Boone is in that vein, though what makes his choice unusual is that, unlike his compatriots, he has never managed, coached or worked in a front office. Martinez and new Red Sox skipper Alex Cora were both bench coaches. Mickey Callaway, who replaced Collins in Queens, was the Indians’ pitching coach. And Gabe Kapler, who took over for Mackanin in Philadelphia, spent the 2007 season as a manager in the minor leagues and was the Dodgers’ director of player development. Boone, meanwhile, will have nothing to lean on besides his time as a player and in the booth—and he’ll have to find a way to succeed in the single most difficult media market in the country with a team that has enormous expectations.

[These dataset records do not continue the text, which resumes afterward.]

(* With D := A E^T + E A^T + E E^T, the rows of A and A + E have the same Gram matrix iff
   D = 0.  The row blocks fall into three levels, (k,l), (p,q) and (r,s); on each row block the
   rows of A and E are explicit up to the rows of X, Y and Z, so D_ij only depends on the blocks
   of i and j and on the signed row sums of X, Y, Z in rows i and j.  The balance conditions
   coming from E 1 = 0 make D_ij vanish when i and j lie in the same level; otherwise D_ij = 0
   iff a suitably normalised signed row sum takes the same value at i and at j.  Two levels are
   nonempty, so D = 0 iff that weight is constant, which is condition 1.  A^T and E^T have the
   same shape as A and E with the roles of X and Z exchanged, so the column Gram condition is
   condition 2.  The final identities evaluate u^T M v in two ways, u and v being +-1 vectors. *)

From mathcomp Require Import all_boot all_order all_algebra.
From mathcomp Require Import zify.
Set Implicit Arguments. Unset Strict Implicit. Unset Printing Implicit Defensive.
Import GRing.Theory.
Local Open Scope ring_scope.

Variant block6_spec (n1 n2 n3 n4 n5 n6 : nat) :
    'I_(n1 + (n2 + (n3 + (n4 + (n5 + n6))))) -> Type :=
  | Block1 (i : 'I_n1) : block6_spec (lshift _ i)
  | Block2 (i : 'I_n2) : block6_spec (rshift n1 (lshift _ i))
  | Block3 (i : 'I_n3) : block6_spec (rshift n1 (rshift n2 (lshift _ i)))
  | Block4 (i : 'I_n4) : block6_spec (rshift n1 (rshift n2 (rshift n3 (lshift _ i))))
  | Block5 (i : 'I_n5) :
      block6_spec (rshift n1 (rshift n2 (rshift n3 (rshift n4 (lshift _ i)))))
  | Block6 (i : 'I_n6) :
      block6_spec (rshift n1 (rshift n2 (rshift n3 (rshift n4 (rshift n5 i))))).

Lemma block6P n1 n2 n3 n4 n5 n6 (i : 'I_(n1 + (n2 + (n3 + (n4 + (n5 + n6)))))) :
  block6_spec i.
Proof.
case: (split_ordP i) => [i1 ->|{}i ->]; first exact: Block1.
case: (split_ordP i) => [i2 ->|{}i ->]; first exact: Block2.
case: (split_ordP i) => [i3 ->|{}i ->]; first exact: Block3.
case: (split_ordP i) => [i4 ->|{}i ->]; first exact: Block4.
by case: (split_ordP i) => [i5 ->|i6 ->]; [exact: Block5 | exact: Block6].
Qed.

Lemma nonempty_pair_case n1 n2 (P : Prop) :
  (0 < n1 + n2)%N -> (forall i : 'I_n1, P) -> (forall i : 'I_n2, P) -> P.
Proof.
case: n1 => [|n1] /= n2_gt0 P1 P2; last exact: P1 ord0.
by case: n2 n2_gt0 P2 => // n2 _ P2; exact: P2 ord0.
Qed.

Lemma same_level_or_eq_const (I T U : Type) (level : I -> T) (w : I -> U) i0 i1 :
  level i0 <> level i1 ->
  (forall i j, level i = level j \/ w i = w j) <-> exists t, forall i, w i = t.
Proof.
move=> neq01; split=> [lw | [t wt] i j]; last by right; rewrite !wt.
exists (w i0) => i; have w10 : w i1 = w i0 by case: (lw i1 i0) => // /esym.
case: (lw i i0) => [li0 | //]; case: (lw i i1) => [li1 | ->//].
by case: neq01; rewrite -li0 -li1.
Qed.

Lemma row_mx_col_mx (T : Type) m1 m2 n1 n2
    (A1 : 'M[T]_(m1, n1)) (A2 : 'M[T]_(m2, n1)) (A3 : 'M[T]_(m1, n2)) (A4 : 'M[T]_(m2, n2)) :
  row_mx (col_mx A1 A2) (col_mx A3 A4) = col_mx (row_mx A1 A3) (row_mx A2 A4).
Proof. exact: (esym (block_mxEh _ _ _ _)). Qed.
(* Let $M\in\mathbb{R}^{n\times n}$ be a P-matrix. Then $M$ is a K-matrix if and only if for every $q\in\mathbb{R}^n$ such that $(M,q)$ is nondegenerate, the USO induced by $\mathrm{LCP}(M,q)$ is locally uniform.
   Context: For $v\in\{0,1\}^n$ and $I\subseteq[n]$, $v\oplus I$ flips the coordinates of $v$ in $I$; $v\oplus i=v\oplus\{i\}$. The $n$-cube has vertex set $\{0,1\}^n$ and edges $\{v,v\oplus i\}$; a unique-sink orientation (USO) is an orientation in which every subcube has exactly one sink. A P-matrix is a square real matrix with all principal minors positive; a K-matrix is a P-matrix whose off-diagonal entries are all non-positive. For $B\subseteq[n]$, $A_B$ is the matrix whose $i$th column is the $i$th column of $-M$ if $i\in B$ and of $I_n$ otherwise; $B(v)=\{j:v_j=1\}$. $(M,q)$ is nondegenerate if $(A_B^{-1}q)_i\ne0$ for all $B,i$; the USO induced by $\mathrm{LCP}(M,q)$ is given by $v\to v\oplus i$ iff $(A_{B(v)}^{-1}q)_i<0$. A USO is locally uniform if (i) whenever $u_i=u_j=0$ ($i\ne j$), $u\to u\oplus i$ and $u\to u\oplus j$, then $u\oplus i\to u\oplus\{i,j\}$ and $u\oplus j\to u\oplus\{i,j\}$; and (ii) whenever $u_i=u_j=0$, $u\oplus i\to u$ and $u\oplus j\to u$, then $u\oplus\{i,j\}\to u\oplus i$ and $u\oplus\{i,j\}\to u\oplus j$. *)

From HB Require Import structures.
From mathcomp Require Import all_boot all_order all_algebra.
Set Implicit Arguments. Unset Strict Implicit. Unset Printing Implicit Defensive.
Import Order.TTheory GRing.Theory Num.Theory.
Local Open Scope ring_scope.

Section Defs.
Variables (R : realFieldType) (n : nat).

Definition principal_minor (M : 'M[R]_n) (S : {set 'I_n}) : R :=
  \det (mxsub (@enum_val _ (mem S)) (@enum_val _ (mem S)) M).

Definition P_matrix (M : 'M[R]_n) : Prop :=
  forall S : {set 'I_n}, 0 < principal_minor M S.

Definition K_matrix (M : 'M[R]_n) : Prop :=
  P_matrix M /\ (forall i j : 'I_n, i != j -> M i j <= 0).

Definition vertex := {ffun 'I_n -> bool}.

Definition flip (v : vertex) (i : 'I_n) : vertex :=
  [ffun j => if j == i then ~~ v j else v j].

Definition Bset (v : vertex) : {set 'I_n} := [set j | v j].

Definition A_mat (M : 'M[R]_n) (B : {set 'I_n}) : 'M[R]_n :=
  \matrix_(i, j) (if j \in B then - M i j else (i == j)%:R).

Definition Ainvq (M : 'M[R]_n) (q : 'cV[R]_n) (B : {set 'I_n}) : 'cV[R]_n :=
  invmx (A_mat M B) *m q.

Definition lcp_nondegenerate (M : 'M[R]_n) (q : 'cV[R]_n) : Prop :=
  forall (B : {set 'I_n}) (i : 'I_n), Ainvq M q B i 0 != 0.

(* an orientation of the cube: o v i  <->  v -> v (+) i *)
Definition orientation := vertex -> 'I_n -> bool.

Definition lcp_orientation (M : 'M[R]_n) (q : 'cV[R]_n) : orientation :=
  fun v i => Ainvq M q (Bset v) i 0 < 0.

Definition locally_uniform (o : orientation) : Prop :=
  forall (u : vertex) (i j : 'I_n), i != j -> u i = false -> u j = false ->
    ((o u i -> o u j -> o (flip u i) j /\ o (flip u j) i) /\
     (o (flip u i) i -> o (flip u j) j ->
        o (flip (flip u i) j) j /\ o (flip (flip u i) j) i)).
End Defs.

The likely belief for Cashman is that tactics can be taught, and that the true value of a manager nowadays is relating to increasingly youthful rosters and executing and understanding the front office’s vision, particularly with regards to analytics—something that Boone reportedly “embraces.” Again, this is in line with the rest of this offseason’s hires, and it reflects the changing priorities of the manager’s job. Young, smart and charismatic tends to rule the day—a reflection of a similar shift in front offices, where old-time scouts and former players have given way to a stats-minded group.
But even with those qualities on his side, Boone is completely untested, and even with a hyper-talented roster, there will likely be numerous bumps along the road as he learns the job. Ironically, he’d make more sense as the hire of the alternate universe Yankees team amid the rebuilding process it’s supposed to be on instead of the one in our reality that somehow skipped that step entirely and is a true contender. Boone could use time to make mistakes and figure things out when expectations are at their lowest; instead, he’ll be thrown right into the fire.
(It’s also disappointing and surprising to see the highly qualified Meulens passed over. The Curaçao native is himself a former Yankee and relatively young at 50, has spent extensive time as a minor league manager and major league coach, won three World Series rings as the Giants’ hitting coach, and speaks five languages, which would have made him a good pick for a diverse roster like New York’s. On top of that, he would have been the first manager of color in Yankees history. Meulens will almost certainly receive other chances, but it would have been nice to see him get such a high-profile gig after putting in years of work.)
If Boone can survive and succeed, then he carries plenty of upside. At the very least, Cashman believes Boone has what it takes to deal with the New York press: The interview process included a conference call with media members. The rest will have to play out over time, with the Yankees hoping that the short-term risk of hiring Boone can lead to long-term rewards.